= WHAT THE TASK ASKS =
Where the word "repeat" occurs in a line of the listing, please copy the line.

________________

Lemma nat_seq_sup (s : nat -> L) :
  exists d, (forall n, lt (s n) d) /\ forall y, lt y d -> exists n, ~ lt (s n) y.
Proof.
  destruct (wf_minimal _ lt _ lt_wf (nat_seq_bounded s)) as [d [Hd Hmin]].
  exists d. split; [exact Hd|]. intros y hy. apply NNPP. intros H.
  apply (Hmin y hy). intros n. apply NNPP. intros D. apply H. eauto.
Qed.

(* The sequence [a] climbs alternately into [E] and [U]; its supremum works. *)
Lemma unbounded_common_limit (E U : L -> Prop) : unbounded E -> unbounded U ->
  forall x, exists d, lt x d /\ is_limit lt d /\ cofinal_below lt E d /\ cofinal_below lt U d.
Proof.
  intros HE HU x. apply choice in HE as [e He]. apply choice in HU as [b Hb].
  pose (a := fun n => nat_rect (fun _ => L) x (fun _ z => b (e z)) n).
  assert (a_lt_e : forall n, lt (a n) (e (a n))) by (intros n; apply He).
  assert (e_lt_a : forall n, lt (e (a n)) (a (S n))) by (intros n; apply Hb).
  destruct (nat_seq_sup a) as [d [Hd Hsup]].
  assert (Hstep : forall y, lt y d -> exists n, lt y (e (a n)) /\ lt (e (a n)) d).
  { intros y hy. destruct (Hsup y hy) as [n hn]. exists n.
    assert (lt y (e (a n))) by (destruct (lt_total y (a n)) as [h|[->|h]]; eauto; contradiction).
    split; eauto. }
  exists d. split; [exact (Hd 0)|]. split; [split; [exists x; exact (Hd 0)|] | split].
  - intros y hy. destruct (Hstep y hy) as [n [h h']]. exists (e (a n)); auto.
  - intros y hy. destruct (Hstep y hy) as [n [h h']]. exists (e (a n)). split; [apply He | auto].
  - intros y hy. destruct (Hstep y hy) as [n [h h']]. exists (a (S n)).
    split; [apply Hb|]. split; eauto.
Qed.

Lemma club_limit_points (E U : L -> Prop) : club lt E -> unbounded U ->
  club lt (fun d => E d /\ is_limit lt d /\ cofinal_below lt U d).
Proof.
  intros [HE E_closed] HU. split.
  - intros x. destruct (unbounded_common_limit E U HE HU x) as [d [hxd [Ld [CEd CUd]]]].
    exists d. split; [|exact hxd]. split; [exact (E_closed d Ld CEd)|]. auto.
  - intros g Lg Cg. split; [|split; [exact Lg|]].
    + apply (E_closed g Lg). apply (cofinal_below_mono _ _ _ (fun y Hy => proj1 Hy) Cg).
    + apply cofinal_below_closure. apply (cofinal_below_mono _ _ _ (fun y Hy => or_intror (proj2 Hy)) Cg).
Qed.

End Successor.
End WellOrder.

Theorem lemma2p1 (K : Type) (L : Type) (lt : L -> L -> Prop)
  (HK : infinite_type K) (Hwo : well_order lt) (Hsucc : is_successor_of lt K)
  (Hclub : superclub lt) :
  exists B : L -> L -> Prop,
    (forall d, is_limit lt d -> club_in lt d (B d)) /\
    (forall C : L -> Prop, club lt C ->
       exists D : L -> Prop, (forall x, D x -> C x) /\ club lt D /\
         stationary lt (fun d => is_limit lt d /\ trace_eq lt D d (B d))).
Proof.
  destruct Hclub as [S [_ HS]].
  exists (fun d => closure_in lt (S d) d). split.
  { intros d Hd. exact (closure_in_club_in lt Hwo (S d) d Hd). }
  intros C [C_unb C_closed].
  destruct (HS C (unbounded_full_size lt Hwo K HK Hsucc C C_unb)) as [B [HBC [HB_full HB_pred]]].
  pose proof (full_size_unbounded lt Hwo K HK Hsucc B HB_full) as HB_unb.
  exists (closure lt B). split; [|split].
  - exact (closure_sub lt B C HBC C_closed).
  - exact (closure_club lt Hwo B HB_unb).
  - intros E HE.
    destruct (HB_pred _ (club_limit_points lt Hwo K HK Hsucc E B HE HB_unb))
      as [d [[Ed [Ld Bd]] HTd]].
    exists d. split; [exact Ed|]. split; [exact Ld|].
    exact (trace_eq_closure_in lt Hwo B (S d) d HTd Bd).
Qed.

________________

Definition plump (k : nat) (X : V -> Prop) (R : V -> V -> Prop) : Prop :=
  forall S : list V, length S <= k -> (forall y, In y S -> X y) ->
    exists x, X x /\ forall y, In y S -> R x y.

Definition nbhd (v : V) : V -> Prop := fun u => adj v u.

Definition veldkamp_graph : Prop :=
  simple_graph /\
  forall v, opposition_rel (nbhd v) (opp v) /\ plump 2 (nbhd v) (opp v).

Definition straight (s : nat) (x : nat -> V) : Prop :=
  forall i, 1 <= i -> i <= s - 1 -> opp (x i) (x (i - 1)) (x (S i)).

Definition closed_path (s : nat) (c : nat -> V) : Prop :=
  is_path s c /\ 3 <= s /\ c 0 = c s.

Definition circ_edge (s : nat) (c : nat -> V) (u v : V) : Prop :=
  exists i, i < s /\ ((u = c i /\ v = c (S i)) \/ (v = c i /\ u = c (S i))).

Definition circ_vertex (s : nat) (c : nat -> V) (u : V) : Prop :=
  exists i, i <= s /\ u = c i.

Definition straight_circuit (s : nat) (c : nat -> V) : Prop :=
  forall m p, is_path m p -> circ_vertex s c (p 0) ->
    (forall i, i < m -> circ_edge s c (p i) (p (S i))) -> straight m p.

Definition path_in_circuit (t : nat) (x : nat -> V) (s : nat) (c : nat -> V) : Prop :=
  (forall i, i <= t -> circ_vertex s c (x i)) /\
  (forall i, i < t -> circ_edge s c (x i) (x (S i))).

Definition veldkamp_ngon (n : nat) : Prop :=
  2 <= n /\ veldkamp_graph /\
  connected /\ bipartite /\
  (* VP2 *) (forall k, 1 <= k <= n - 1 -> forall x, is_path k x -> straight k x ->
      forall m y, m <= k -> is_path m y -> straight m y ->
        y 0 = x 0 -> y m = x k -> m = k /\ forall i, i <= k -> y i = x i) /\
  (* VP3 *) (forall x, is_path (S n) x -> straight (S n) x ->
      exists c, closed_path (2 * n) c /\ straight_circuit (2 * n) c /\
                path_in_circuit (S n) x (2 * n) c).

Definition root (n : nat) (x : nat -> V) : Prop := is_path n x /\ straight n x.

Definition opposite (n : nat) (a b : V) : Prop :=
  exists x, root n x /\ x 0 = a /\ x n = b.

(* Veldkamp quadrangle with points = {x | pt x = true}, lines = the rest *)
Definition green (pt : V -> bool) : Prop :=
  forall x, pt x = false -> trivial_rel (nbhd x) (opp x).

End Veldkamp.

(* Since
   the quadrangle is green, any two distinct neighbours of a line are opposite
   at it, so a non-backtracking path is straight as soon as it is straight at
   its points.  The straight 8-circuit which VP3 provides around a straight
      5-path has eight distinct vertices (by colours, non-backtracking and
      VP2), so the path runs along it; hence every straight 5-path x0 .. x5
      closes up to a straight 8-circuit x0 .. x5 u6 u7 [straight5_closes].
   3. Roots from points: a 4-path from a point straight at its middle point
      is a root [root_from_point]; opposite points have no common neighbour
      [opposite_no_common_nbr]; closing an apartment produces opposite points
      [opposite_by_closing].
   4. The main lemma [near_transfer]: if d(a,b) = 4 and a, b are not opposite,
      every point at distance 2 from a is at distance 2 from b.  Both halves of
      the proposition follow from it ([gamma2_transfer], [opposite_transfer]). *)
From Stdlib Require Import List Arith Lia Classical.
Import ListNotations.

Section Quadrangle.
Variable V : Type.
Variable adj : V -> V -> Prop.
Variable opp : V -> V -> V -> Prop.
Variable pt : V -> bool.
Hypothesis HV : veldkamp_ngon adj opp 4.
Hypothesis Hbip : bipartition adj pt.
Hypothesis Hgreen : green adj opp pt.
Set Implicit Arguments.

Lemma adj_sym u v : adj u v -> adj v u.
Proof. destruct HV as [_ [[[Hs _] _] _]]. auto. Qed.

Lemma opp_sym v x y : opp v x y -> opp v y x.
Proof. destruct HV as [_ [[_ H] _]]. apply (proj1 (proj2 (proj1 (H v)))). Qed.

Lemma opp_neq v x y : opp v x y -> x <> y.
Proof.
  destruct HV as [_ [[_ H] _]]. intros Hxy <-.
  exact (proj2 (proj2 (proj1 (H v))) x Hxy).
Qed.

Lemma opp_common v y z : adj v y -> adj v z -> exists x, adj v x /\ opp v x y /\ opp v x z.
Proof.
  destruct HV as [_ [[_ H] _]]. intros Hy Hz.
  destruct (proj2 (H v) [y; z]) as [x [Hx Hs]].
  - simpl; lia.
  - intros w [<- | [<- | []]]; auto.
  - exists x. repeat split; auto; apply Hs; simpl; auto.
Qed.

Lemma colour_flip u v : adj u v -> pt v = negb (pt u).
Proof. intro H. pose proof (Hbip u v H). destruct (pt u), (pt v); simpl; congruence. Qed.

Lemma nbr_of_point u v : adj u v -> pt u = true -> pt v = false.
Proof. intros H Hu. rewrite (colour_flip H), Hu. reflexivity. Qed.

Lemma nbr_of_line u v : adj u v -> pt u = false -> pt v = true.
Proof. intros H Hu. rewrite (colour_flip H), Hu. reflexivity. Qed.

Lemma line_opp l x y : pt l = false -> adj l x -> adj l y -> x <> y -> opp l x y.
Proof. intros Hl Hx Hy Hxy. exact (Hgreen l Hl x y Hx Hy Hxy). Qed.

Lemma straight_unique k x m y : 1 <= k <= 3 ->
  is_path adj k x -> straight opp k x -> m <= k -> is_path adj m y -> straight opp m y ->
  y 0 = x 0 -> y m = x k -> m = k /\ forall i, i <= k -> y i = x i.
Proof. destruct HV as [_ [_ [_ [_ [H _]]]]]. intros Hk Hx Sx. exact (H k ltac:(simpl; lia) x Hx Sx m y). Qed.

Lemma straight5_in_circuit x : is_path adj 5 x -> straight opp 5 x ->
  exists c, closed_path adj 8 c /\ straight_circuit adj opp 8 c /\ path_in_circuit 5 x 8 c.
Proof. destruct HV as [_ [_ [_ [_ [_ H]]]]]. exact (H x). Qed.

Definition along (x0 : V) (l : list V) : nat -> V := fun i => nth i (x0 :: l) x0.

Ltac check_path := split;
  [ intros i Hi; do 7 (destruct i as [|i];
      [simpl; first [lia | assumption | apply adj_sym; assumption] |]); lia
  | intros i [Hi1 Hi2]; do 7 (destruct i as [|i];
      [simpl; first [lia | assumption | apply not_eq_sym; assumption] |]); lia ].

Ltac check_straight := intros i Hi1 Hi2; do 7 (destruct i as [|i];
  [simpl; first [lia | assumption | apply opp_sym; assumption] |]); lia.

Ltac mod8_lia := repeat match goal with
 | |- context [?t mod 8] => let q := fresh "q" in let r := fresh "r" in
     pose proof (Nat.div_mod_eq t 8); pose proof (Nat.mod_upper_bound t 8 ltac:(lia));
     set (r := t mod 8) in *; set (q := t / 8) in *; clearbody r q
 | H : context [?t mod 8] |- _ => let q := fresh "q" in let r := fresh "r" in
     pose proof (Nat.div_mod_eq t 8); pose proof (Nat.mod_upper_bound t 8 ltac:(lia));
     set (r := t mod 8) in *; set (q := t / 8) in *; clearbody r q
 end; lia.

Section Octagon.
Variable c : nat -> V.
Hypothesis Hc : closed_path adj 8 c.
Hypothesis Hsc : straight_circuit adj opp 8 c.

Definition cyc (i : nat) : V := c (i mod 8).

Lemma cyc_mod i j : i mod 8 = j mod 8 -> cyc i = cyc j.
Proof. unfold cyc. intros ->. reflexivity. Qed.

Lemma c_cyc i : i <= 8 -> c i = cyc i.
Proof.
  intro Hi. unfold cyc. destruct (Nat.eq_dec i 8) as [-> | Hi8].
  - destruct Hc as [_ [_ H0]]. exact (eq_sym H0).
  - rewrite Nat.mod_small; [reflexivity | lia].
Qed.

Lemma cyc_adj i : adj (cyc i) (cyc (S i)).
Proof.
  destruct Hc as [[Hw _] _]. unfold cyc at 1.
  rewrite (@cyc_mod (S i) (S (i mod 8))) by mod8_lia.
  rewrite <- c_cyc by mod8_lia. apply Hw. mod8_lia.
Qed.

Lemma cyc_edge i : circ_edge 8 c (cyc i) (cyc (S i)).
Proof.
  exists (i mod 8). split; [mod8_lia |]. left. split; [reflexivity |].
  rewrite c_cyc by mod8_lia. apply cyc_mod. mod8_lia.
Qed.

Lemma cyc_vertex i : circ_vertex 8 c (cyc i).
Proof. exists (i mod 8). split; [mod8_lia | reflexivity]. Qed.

________________

= ANSWER =
  - exists x. repeat split; auto; apply Hs; simpl; auto.
Ltac mod8_lia := repeat match goal with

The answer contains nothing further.